Gendered gaze—don’t know too much about this at the moment—know it is upcoming

somewhere along this course; but the flâneur as male, seems to suggest this idea?

Interesting journal article which explains this concept of the ‘gendered gaze’ and which

needs to be remembered for later is: Wilson, E. (1992) The Invisible Flâneur. New Left

Review. 1/191. [Imported into Papers app.]

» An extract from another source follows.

(* Let $P$ be a CHR program that is range-restricted and ground confluent. Then $P$ is consistent: the first-order theory consisting of $\mathcal{CT}$ together with the logical reading of $P$ has a model (in particular, it does not imply $\mathtt{False}$).
   Context: Terms are variables or $F~t_1\ldots t_n$ for function symbols $F$. Built-in constraints are $\mathtt{True}$, $\mathtt{False}$ and $t=s$; user constraints are $C~t_1\ldots t_n$ for user predicate symbols $C$; constraints are built-in or user constraints. $\mathcal{CT}$ is the theory of syntactic equality of terms. There are three disjoint infinite sets of variables $\mathsf{ProgVars}$, $\mathsf{GlobalVars}$, $\mathsf{LocalVars}$; let $\mathsf{StateVars}=\mathsf{GlobalVars}\cup\mathsf{LocalVars}$. A CHR program is a finite set of rules, each a simplification $H \Leftrightarrow B$ or a propagation $H \Rightarrow B$, where $H$ is a nonempty multiset of user constraints over $\mathsf{ProgVars}$ and $B$ a multiset of constraints over $\mathsf{ProgVars}$; the local variables of a rule are those in $B$ but not in $H$. The logical reading of a simplification is $\forall(\bigwedge H \leftrightarrow \exists \bar y\, \bigwedge B)$ and of a propagation $\forall(\bigwedge H \rightarrow \exists \bar y\, \bigwedge B)$, where $\bar y$ are the local variables; the logical reading of $P$ is the conjunction of these. A state is a multiset of constraints over $\mathsf{StateVars}$, taken modulo the equivalence $S_1\equiv S_2$ iff $\mathcal{CT}\models (\exists_{\mathsf{LocalVars}}: \mathrm{user}(S_1)=\mathrm{user}(S_2)\wedge S_1)\leftrightarrow(\exists_{\mathsf{LocalVars}}: \mathrm{user}(S_1)=\mathrm{user}(S_2)\wedge S_2)$, where $\mathrm{user}(S)$ is the multiset of user constraints of $S$; $\mathtt{False}$ denotes the state $\{\mathtt{False}\}$ and $\mathtt{True}$ the state $\{\mathtt{True}\}$. For a substitution $\theta$ and object $X$, $\theta.X$ is $\theta$ applied to $X$; $\uplus$ is multiset union. The derivation relation $\rightarrowtail$ of $P$ is the least relation with: (simplification) if $(H\Leftrightarrow B)\in P$, $\mathcal{CT}\models S\rightarrow(\theta.H=C)$ and $\mathcal{CT}\models\exists(C\wedge S)$, then $C\uplus S\rightarrowtail \theta.B\uplus S$; (propagation) if $(H\Rightarrow B)\in P$, $\mathcal{CT}\models S\rightarrow(\theta.H=C)$, $\mathcal{CT}\models\exists(C\wedge S)$ and $C\uplus S\neq \theta.B\uplus C\uplus S$ as states, then $C\uplus S\rightarrowtail \theta.B\uplus C\uplus S$; here $\theta$ maps the variables of $H$ to terms over the variables of $C$ and the local variables of the rule to fresh variables of $\mathsf{LocalVars}$ not occurring in $C,S$. $\rightarrowtail^*$ is the reflexive–transitive closure. Two states $S_1,S_2$ are joinable if $S_1\rightarrowtail^* S'$ and $S_2\rightarrowtail^* S'$ for some $S'$. A state is ground if it is represented by a multiset of constraints containing no variables. $P$ is range-restricted if whenever $S$ is ground and $S\rightarrowtail S'$, then $S'$ is ground. $P$ is ground confluent if for every ground state $S$ and all $S_1,S_2$ with $S\rightarrowtail^* S_1$, $S\rightarrowtail^* S_2$, the states $S_1,S_2$ are joinable. *)

From Stdlib Require Import List Permutation Relations.
Import ListNotations.
Set Implicit Arguments.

Possible problem with the notes regarding the period of the flâneur—suggests that the

flâneur developed at same time as development of the department store [maybe I am

misinterpreting notes?]—but from what I have read thus far, flâneur existed from early

1800s, department stores mid-to-late 1800s; and thinking that Benjamin saw department

stores, mass-production, consumerism and commodification as factors leading to the

death of the flâneur?

Whether or not the concept of female flâneur/ flâneuse use was possible in terms of the

way that Baudelaire saw the role of the flâneur and the structure of society at the time of

writing—the ‘decent’ woman was very much confined to the private space—the public

space was the realm of the male and the prostitute or courtesan—Wolff, Pollock. Coming

to terms with the concept that females at this time “had no status”—this came to them

from the status of the male who accompanied them—therefore there could be no female

flâneuse in the nineteenth century??